Once the line containing "Definition dimq (n" is found in the records below, return it and each following line exactly, up to and including the line containing "h a b = h a' b').", and nothing else.

- THE DATA -
____

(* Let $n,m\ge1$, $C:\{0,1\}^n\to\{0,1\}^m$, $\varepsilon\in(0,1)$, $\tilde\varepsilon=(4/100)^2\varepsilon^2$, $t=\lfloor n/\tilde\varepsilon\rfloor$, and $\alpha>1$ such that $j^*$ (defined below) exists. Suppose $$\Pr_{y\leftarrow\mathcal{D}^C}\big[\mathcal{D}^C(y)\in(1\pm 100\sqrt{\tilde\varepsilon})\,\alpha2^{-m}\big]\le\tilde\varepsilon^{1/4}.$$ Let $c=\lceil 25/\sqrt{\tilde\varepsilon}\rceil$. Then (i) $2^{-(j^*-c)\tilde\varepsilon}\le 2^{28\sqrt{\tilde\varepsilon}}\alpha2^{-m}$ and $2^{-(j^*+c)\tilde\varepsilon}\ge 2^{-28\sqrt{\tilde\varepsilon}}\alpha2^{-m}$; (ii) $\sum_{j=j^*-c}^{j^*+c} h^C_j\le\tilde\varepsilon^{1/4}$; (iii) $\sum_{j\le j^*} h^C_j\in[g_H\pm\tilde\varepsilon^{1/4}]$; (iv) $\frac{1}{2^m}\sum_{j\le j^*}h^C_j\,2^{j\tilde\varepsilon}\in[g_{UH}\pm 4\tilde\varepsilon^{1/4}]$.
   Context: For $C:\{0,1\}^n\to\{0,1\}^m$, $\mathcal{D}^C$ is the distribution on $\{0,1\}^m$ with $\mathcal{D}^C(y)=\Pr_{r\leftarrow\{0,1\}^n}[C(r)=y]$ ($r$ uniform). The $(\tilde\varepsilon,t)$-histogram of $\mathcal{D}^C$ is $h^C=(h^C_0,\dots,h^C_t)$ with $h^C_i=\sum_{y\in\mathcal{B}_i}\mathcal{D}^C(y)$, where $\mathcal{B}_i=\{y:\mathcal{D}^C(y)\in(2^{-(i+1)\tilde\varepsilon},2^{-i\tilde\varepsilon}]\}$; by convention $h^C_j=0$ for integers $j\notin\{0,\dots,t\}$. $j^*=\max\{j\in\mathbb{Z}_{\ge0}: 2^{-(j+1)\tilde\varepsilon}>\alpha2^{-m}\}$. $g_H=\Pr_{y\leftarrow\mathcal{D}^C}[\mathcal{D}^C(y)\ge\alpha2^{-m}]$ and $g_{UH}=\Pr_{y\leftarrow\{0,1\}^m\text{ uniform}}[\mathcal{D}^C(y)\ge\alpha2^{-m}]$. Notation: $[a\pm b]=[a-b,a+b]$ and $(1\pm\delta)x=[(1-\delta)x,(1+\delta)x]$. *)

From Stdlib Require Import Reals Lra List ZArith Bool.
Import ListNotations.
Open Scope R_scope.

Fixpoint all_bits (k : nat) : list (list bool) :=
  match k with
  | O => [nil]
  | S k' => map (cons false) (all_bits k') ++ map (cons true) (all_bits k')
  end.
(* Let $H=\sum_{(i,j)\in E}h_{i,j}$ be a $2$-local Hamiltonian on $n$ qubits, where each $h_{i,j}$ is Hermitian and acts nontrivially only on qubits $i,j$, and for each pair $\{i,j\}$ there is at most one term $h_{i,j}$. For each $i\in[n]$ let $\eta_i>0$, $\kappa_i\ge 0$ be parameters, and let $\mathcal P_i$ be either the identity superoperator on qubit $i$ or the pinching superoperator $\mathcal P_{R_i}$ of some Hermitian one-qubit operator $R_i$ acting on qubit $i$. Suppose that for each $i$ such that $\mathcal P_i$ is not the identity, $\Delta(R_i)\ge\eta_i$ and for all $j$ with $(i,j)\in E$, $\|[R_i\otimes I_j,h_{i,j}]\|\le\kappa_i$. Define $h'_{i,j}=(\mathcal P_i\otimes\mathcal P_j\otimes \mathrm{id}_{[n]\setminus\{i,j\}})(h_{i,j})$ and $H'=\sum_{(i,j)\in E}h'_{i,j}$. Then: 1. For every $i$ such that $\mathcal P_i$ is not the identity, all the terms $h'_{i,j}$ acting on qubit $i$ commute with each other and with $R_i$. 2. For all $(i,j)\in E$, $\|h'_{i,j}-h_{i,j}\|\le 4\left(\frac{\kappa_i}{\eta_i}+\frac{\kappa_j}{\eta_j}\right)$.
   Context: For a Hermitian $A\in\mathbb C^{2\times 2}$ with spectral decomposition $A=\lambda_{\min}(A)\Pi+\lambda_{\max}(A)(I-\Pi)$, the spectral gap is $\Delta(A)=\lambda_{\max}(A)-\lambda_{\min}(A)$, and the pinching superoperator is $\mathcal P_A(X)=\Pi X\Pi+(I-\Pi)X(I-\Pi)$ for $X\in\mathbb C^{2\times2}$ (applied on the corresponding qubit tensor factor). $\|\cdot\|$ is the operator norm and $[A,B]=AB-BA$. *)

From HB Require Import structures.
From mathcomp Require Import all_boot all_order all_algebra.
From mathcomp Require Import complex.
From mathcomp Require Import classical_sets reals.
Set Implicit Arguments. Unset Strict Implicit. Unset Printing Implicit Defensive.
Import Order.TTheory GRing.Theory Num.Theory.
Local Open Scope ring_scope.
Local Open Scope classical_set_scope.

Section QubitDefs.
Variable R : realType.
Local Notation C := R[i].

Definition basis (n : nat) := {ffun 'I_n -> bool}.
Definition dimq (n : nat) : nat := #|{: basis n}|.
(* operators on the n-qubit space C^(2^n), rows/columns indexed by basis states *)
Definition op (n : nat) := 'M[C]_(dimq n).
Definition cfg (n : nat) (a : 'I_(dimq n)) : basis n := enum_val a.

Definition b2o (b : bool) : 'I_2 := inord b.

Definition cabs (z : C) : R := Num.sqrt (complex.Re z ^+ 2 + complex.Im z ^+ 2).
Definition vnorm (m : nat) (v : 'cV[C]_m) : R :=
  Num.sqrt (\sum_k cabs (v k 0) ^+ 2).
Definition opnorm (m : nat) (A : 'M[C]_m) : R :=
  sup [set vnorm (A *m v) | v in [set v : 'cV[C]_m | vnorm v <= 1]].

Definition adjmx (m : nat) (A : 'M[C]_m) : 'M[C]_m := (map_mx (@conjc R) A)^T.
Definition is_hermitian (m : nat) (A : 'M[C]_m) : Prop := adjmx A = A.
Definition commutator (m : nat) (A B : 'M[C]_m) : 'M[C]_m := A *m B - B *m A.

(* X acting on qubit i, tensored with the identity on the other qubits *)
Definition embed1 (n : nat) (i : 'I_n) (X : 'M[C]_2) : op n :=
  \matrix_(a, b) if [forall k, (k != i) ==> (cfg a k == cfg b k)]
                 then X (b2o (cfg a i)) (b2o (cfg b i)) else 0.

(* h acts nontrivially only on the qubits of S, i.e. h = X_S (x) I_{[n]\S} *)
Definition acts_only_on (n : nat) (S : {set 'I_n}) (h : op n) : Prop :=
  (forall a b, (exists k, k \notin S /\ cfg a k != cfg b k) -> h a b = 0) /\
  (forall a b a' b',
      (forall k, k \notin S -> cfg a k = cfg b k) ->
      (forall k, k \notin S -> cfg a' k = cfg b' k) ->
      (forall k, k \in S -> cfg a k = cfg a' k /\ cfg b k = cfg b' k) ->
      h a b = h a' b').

____

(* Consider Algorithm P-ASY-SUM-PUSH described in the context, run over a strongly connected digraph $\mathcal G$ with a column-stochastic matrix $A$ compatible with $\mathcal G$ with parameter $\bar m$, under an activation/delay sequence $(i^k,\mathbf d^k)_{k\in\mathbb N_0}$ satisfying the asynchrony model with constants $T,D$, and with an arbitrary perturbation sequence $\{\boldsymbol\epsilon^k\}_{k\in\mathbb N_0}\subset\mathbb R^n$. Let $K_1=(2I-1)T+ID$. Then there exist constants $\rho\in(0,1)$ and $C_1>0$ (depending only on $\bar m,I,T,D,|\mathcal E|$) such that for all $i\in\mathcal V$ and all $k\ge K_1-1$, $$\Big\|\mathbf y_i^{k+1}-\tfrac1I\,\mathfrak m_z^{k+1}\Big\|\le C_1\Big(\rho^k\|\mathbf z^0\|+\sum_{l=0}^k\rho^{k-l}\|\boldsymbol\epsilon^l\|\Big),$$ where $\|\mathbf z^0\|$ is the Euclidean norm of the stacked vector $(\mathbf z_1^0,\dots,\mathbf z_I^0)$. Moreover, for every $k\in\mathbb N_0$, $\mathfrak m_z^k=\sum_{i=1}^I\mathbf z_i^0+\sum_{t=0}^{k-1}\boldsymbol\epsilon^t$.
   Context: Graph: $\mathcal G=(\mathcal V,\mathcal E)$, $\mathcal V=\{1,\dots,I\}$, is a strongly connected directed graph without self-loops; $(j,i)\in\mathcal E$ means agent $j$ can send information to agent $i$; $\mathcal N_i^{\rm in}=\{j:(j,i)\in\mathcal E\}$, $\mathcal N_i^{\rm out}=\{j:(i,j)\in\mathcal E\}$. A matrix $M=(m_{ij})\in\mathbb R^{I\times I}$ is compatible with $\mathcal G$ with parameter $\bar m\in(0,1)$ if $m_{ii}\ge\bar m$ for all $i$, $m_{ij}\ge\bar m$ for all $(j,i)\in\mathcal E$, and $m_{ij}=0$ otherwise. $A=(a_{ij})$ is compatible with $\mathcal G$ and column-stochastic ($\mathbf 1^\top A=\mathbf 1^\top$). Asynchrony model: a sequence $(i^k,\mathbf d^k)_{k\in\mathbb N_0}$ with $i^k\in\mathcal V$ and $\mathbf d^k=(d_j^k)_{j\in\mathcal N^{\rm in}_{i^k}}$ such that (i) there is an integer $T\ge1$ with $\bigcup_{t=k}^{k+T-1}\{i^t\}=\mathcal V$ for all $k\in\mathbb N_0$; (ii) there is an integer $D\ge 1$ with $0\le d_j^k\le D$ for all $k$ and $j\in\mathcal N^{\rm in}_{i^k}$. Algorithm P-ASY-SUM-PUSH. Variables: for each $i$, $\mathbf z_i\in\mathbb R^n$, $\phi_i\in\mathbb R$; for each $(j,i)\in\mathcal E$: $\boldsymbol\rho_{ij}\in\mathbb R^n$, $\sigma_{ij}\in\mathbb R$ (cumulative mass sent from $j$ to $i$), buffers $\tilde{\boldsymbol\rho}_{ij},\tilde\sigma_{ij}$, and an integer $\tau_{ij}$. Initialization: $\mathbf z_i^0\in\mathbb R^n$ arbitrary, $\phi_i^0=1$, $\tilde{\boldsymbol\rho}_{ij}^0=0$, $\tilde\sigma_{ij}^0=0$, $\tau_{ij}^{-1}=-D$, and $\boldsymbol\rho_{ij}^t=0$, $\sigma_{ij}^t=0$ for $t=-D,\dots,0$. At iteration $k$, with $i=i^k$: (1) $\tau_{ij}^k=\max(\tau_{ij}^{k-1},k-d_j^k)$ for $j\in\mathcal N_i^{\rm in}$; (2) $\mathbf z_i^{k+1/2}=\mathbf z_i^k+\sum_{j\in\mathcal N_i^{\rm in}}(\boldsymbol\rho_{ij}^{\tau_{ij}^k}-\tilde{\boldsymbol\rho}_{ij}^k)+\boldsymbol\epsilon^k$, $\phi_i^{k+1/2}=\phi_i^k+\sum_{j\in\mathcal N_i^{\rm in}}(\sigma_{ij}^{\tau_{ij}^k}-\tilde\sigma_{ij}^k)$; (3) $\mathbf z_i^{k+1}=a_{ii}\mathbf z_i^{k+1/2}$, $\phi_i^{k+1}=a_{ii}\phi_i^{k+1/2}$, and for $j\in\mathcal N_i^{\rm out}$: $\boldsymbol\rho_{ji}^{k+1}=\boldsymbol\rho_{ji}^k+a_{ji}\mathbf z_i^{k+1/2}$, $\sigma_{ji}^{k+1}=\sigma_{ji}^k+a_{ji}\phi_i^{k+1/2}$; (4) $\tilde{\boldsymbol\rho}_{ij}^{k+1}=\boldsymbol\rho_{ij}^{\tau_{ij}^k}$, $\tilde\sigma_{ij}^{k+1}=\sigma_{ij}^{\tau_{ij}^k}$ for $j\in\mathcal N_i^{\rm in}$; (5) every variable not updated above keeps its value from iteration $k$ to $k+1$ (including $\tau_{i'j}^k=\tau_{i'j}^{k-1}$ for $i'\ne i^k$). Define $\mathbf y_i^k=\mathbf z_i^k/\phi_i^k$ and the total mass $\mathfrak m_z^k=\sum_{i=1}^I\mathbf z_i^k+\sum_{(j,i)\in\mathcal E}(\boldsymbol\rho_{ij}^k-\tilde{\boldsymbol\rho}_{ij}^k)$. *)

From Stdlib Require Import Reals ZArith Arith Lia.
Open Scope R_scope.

____

- OUTPUT FOR THIS EXERCISE -
Definition dimq (n : nat) : nat := #|{: basis n}|.
(* operators on the n-qubit space C^(2^n), rows/columns indexed by basis states *)
Definition op (n : nat) := 'M[C]_(dimq n).
Definition cfg (n : nat) (a : 'I_(dimq n)) : basis n := enum_val a.

Definition b2o (b : bool) : 'I_2 := inord b.

Definition cabs (z : C) : R := Num.sqrt (complex.Re z ^+ 2 + complex.Im z ^+ 2).
Definition vnorm (m : nat) (v : 'cV[C]_m) : R :=
  Num.sqrt (\sum_k cabs (v k 0) ^+ 2).
Definition opnorm (m : nat) (A : 'M[C]_m) : R :=
  sup [set vnorm (A *m v) | v in [set v : 'cV[C]_m | vnorm v <= 1]].

Definition adjmx (m : nat) (A : 'M[C]_m) : 'M[C]_m := (map_mx (@conjc R) A)^T.
Definition is_hermitian (m : nat) (A : 'M[C]_m) : Prop := adjmx A = A.
Definition commutator (m : nat) (A B : 'M[C]_m) : 'M[C]_m := A *m B - B *m A.

(* X acting on qubit i, tensored with the identity on the other qubits *)
Definition embed1 (n : nat) (i : 'I_n) (X : 'M[C]_2) : op n :=
  \matrix_(a, b) if [forall k, (k != i) ==> (cfg a k == cfg b k)]
                 then X (b2o (cfg a i)) (b2o (cfg b i)) else 0.

(* h acts nontrivially only on the qubits of S, i.e. h = X_S (x) I_{[n]\S} *)
Definition acts_only_on (n : nat) (S : {set 'I_n}) (h : op n) : Prop :=
  (forall a b, (exists k, k \notin S /\ cfg a k != cfg b k) -> h a b = 0) /\
  (forall a b a' b',
      (forall k, k \notin S -> cfg a k = cfg b k) ->
      (forall k, k \notin S -> cfg a' k = cfg b' k) ->
      (forall k, k \in S -> cfg a k = cfg a' k /\ cfg b k = cfg b' k) ->
      h a b = h a' b').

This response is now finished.